The problem is, folks, that in some cases when trial time comes around, the condemnor shows up with a new appraiser who offers a new opinion of value that just happens to be significantly lower than the “good faith deposit” that had been made by the condemnor in the quick-take procedure. But by then the owner (who has been evicted by the condemnor) has withdrawn the deposit and spent the money on replacement housing. So if the jury returns later with a verdict that is lower than that deposit, the owner has to refund the pertinent part of his withdrawn money — which he no longer has, having spent it on replacement property.
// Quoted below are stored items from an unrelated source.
(* Let $d_1,d_2\ge1$ be integers and $s_1,s_2$ real numbers, and define $$h_a(x_1,x_2)=\int_{-1}^1(1+x_1z)^{d_1}(1+x_2z)^{d_2}\big(x_a(x_as_a-1)(1-z^2)+z(1-x_a^2)\big)\,dz,\qquad a=1,2.$$ If $s_1>1$ and $s_2<-1$, then there exist $x_1\in(0,1)$ and $x_2\in(-1,0)$ with $h_1(x_1,x_2)=0=h_2(x_1,x_2)$. *)

From Stdlib Require Import Reals.
From Coquelicot Require Import Coquelicot.
Open Scope R_scope.

Definition h_integrand (d1 d2 : nat) (x1 x2 xa sa z : R) : R :=
  (1 + x1 * z) ^ d1 * (1 + x2 * z) ^ d2 *
  (xa * (xa * sa - 1) * (1 - z ^ 2) + z * (1 - xa ^ 2)).

Definition h1 (d1 d2 : nat) (s1 : R) (x1 x2 : R) : R :=
  RInt (fun z => h_integrand d1 d2 x1 x2 x1 s1 z) (-1) 1.

Definition h2 (d1 d2 : nat) (s2 : R) (x1 x2 : R) : R :=
  RInt (fun z => h_integrand d1 d2 x1 x2 x2 s2 z) (-1) 1.

(* Linearising at the origin, for small x1 >= 0 >= x2 one has
   h1 ~ 2/3 (d2 x2 + (d1 - 2) x1) up to O(x1 (x1 - x2)); the x2-term is kept
   exact (not only to first order) through the convexity estimate
   int_{-1}^{1} (1 + x2 z)^d2 z dz <= 2/3 d2 x2.  The substitution z -> -z turns
   h2 into -h1 with (d1, d2, s, x1, x2) replaced by (d2, d1, -s, -x2, -x1).
   Hence on the rectangle [d2 e, 1] x [-1, -d1 e], for e small, h1 < 0 on the left
   edge and h2 >= 0 on the top edge, while s1 > 1 gives h1 > 0 on x1 = 1 and
   s2 < -1 gives h2 < 0 on x2 = -1, the integrand having a sign there.  The
   Poincare-Miranda theorem, proved from a parity (Sperner) lemma on a square
   grid and compactness, then yields a common zero. *)

From Stdlib Require Import Reals Lra Lia Bool Classical IndefiniteDescription.
From Coquelicot Require Import Coquelicot.
(* Let $\mathcal{X}=\{1,\dots,n\}$, let $\pi$ be a strictly positive probability distribution on $\mathcal{X}$ ordered so that $\pi(1)\le\pi(2)\le\dots\le\pi(n)$, let $P$ be a transition matrix with $\pi P=\pi$, let $2\le k\le n$, and let $\alpha\in[0,1)$. For a partition $(\mathcal{O}_i)_{i=1}^k$ of $\mathcal{X}$ into $k$ nonempty proper subsets, let $G$ be its Gibbs kernel, $\overline{\pi}=(\pi(\mathcal{O}_1),\dots,\pi(\mathcal{O}_k))$, and $Q_\alpha$, $\widetilde{\pi}_\alpha$, $\widetilde{\Pi}_\alpha$ as defined below. Then, as functions of the partition, $$\operatorname*{argmin}\mathrm{KL}_{\widetilde{\pi}_\alpha}(Q_\alpha\|\widetilde{\Pi}_\alpha)=\operatorname*{argmin}\mathrm{KL}_\pi(G\|\Pi)=\operatorname*{argmin}H(\overline{\pi}),$$ and the minimum is attained by the partition $\mathcal{O}_i=\{i\}$ for $1\le i\le k-1$ and $\mathcal{O}_k=\{k,k+1,\dots,n\}$.
   Context: Gibbs kernel: $G(x,y)=\pi(y)/\pi(\mathcal{O}(x))$ if $y\in\mathcal{O}(x)$ and $0$ otherwise, $\mathcal{O}(x)$ the block containing $x$, $\pi(\mathcal{O})=\sum_{z\in\mathcal{O}}\pi(z)$. $\Pi$ is the matrix with every row equal to $\pi$. With $R(+1)=1-\alpha$, $R(-1)=\alpha$: $Q_\alpha$ is the transition matrix on $\mathcal{X}\times\{-1,+1\}$ with $Q_\alpha((x,i),(y,+1))=(1-\alpha)G(x,y)$, $Q_\alpha((x,i),(y,-1))=\alpha P(x,y)$; $\widetilde{\pi}_\alpha(x,i)=\pi(x)R(i)$; $\widetilde{\Pi}_\alpha$ has every row equal to $\widetilde{\pi}_\alpha$. $\mathrm{KL}_\mu(P\|Q)=\sum_{x,y}\mu(x)P(x,y)\log\frac{P(x,y)}{Q(x,y)}$ with $0\log(0/a)=0$; $H(\mu)=-\sum_i\mu(i)\log\mu(i)$. *)

From HB Require Import structures.
From mathcomp Require Import all_boot all_order all_algebra.
From mathcomp Require Import reals exp.
Set Implicit Arguments. Unset Strict Implicit. Unset Printing Implicit Defensive.
Import Order.TTheory GRing.Theory Num.Theory.
Local Open Scope ring_scope.

Section Defs.
Variable R : realType.

Definition KLdiv (T : finType) (mu : T -> R) (P Q : T -> T -> R) : R :=
  \sum_(x : T) \sum_(y : T)
     (if P x y == 0 then 0 else mu x * P x y * ln (P x y / Q x y)).

Definition massOf (n : nat) (pi : 'I_n -> R) (O : {set 'I_n}) : R :=
  \sum_(z in O) pi z.

Definition gibbs (n : nat) (pi : 'I_n -> R) (B : {set {set 'I_n}})
  (x y : 'I_n) : R :=
  if y \in pblock B x then pi y / massOf pi (pblock B x) else 0.

Definition PiMat (n : nat) (pi : 'I_n -> R) (x y : 'I_n) : R := pi y.

(* R(+1) = 1 - alpha, R(-1) = alpha ; the sign +1 is encoded as [true] *)
Definition Rw (alpha : R) (i : bool) : R := if i then 1 - alpha else alpha.

(* Q_alpha on X x {-1,+1} (+1 = true, -1 = false) *)
Definition Qalpha (n : nat) (pi : 'I_n -> R) (P : 'M[R]_n) (alpha : R)
  (B : {set {set 'I_n}}) (u v : 'I_n * bool) : R :=
  if v.2 then (1 - alpha) * gibbs pi B u.1 v.1 else alpha * P u.1 v.1.

Definition pitilde (n : nat) (pi : 'I_n -> R) (alpha : R) (u : 'I_n * bool) : R :=
  pi u.1 * Rw alpha u.2.

Definition Pitilde (n : nat) (pi : 'I_n -> R) (alpha : R) (u v : 'I_n * bool) : R :=
  pitilde pi alpha v.

Definition blockEntropy (n : nat) (pi : 'I_n -> R) (B : {set {set 'I_n}}) : R :=
  - \sum_(O in B) massOf pi O * ln (massOf pi O).

Definition argmin (T : finType) (S : {set T}) (f : T -> R) : {set T} :=
  [set x in S | [forall y in S, f x <= f y]].

End Defs.

Definition kPartitions (n k : nat) : {set {set {set 'I_n}}} :=
  [set B | partition B [set: 'I_n] & #|B| == k].

(* the partition {1},...,{k-1},{k,...,n}, written 0-indexed:
   {0},...,{k-2},{k-1,...,n-1} *)
Definition extremalPartition (n k : nat) : {set {set 'I_n}} :=
  [set [set x] | x : 'I_n & (x < k.-1)%N] :|: [set [set x : 'I_n | (k.-1 <= x)%N]].

From HB Require Import structures.
From mathcomp Require Import all_boot all_order all_algebra.
From mathcomp Require Import reals exp.
From mathcomp Require Import ring lra.
Set Implicit Arguments. Unset Strict Implicit. Unset Printing Implicit Defensive.
Import Order.TTheory GRing.Theory Num.Theory.
Local Open Scope ring_scope.

(* Each row of Q_alpha, and of the reference kernel, is a (1 - alpha, alpha)
   mixture, so KL(Q_alpha || Pi_alpha) = (1 - alpha) KL(G || Pi) + alpha KL(P || Pi),
   and KL(G || Pi) is exactly the entropy of the block masses: the three argmins
   coincide.  For the entropy bound, let M be a heaviest block.  The other k - 1
   blocks can be listed so that the j-th one contains a point >= j, hence has mass
   >= pi(j) since pi is sorted.  Lowering each of them to pi(j) and moving the
   excess onto M can only increase sum_O m_O ln m_O, by convexity of t ln t, and
   produces exactly the block masses of the extremal partition. *)

Section XlnX.
Variable R : realType.

Definition xlnx (t : R) := t * ln t.

Lemma ln_le_subr1 (z : R) : 0 < z -> ln z <= z - 1.
Proof.
by move=> z_gt0; have := @le_ln1Dx R (z - 1); rewrite subrKC; apply; lra.
Qed.

Lemma xlnx_tangent (x y : R) : 0 < x -> 0 < y ->
  xlnx x + (ln x + 1) * (y - x) <= xlnx y.
Proof.
move=> x_gt0 y_gt0; rewrite /xlnx.
have := ln_le_subr1 (divr_gt0 x_gt0 y_gt0).
rewrite ln_div ?posrE // => /(ler_wpM2l (ltW y_gt0)).
rewrite mulrBr [y * (_ - 1)]mulrBr mulrCA divff ?gt_eqF // !mulr1.
lra.
Qed.

Lemma xlnx_transfer (I : finType) (P : pred I) (x y : I -> R) (a : R) :
  0 < a -> (forall i, P i -> [/\ 0 < y i, y i <= x i & x i <= a]) ->
  xlnx a + \sum_(i | P i) xlnx (x i)
    <= xlnx (a + \sum_(i | P i) (x i - y i)) + \sum_(i | P i) xlnx (y i).
Proof.
move=> a_gt0 xy; set d := \sum_(i | P i) (x i - y i).
have d_ge0 : 0 <= d by apply: sumr_ge0 => i /xy[_ yx _]; rewrite subr_ge0.
have := xlnx_tangent a_gt0 (ltr_wpDr d_ge0 a_gt0); rewrite [a + d - a]addrC addKr.
have term i : P i -> xlnx (x i) <= xlnx (y i) + (ln a + 1) * (x i - y i).
  case/xy=> y_gt0 yx xa; have x_gt0 := lt_le_trans y_gt0 yx.
  have := xlnx_tangent x_gt0 y_gt0.
  have : (ln (x i) + 1) * (x i - y i) <= (ln a + 1) * (x i - y i).
    by rewrite ler_wpM2r ?subr_ge0 // lerD2r ler_ln ?posrE.
  lra.
have : \sum_(i | P i) xlnx (x i)
    <= \sum_(i | P i) (xlnx (y i) + (ln a + 1) * (x i - y i)).
  exact: ler_sum.
rewrite big_split /= -mulr_sumr -/d.
lra.
Qed.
That is known as “sandbagging” around here — it is a transparent gimmick to put pressure on the owner to settle on the condemnor’s terms and to discourage him from going to trial before a judge and jury.
The nasty twist is that the owner is not allowed by law to tell the jury about that earlier, higher, amount deposited by the condemnor as a “good faith” estimate of just compensation for the taking of the subject land. Nor is he allowed to cross examine the condemnor’s appraiser on that subject. So the condemnor can blow hot and cold on the issue of value with no danger that its inconsistent positions will be revealed to the jury. There have even been a couple cases in California in which condemnors tried to pull off that stunt by having the same appraiser testify to both the higher and the lower amounts with the owner forbidden to disclose that inconsistency to the jury.
How bad can it get? About as bad as you can imagine, and then some. The worst case of manipulating the amount of the deposit that we know of (although it was not a classic instance of “sandbagging”) involved a Caltrans taking of chunks of land from a power line corridor for a highway, which rendered the transmission corridor unfit for future high-voltage lines and seriously — and we do mean seriously — diminished its value. But the condemnor deposited a thrifty $245,000 into court. Long story short, and skipping over some skullduggery, after trial in which the jury heard appraisal testimony (which by then the condemnor upped to four or five million), it came back with a verdict of $49,500,000. That’s right folks: almost $50 mil as against a “good faith” deposit of less than a quarter of a million. Not only was that verdict affirmed on appeal, but the California Supreme Court issued and order directing the condemnor not to brief valuation issues because they would not be considered — the controversy on appeal was about interest — which is another long story that we should tell you about one of these days, but won’t get into here. If you really want to know about it, check out People ex rel. DOT v. So. Cal. Edison Co., 22 Cal.4th 791 (2000).
Of course, in this case, as Caltrans thus learned the hard way, you don’t get to push around the likes of Edison in this fashion, but these figures speak for themselves and provide an acute insight into how far these guys can go in manipulating deposits.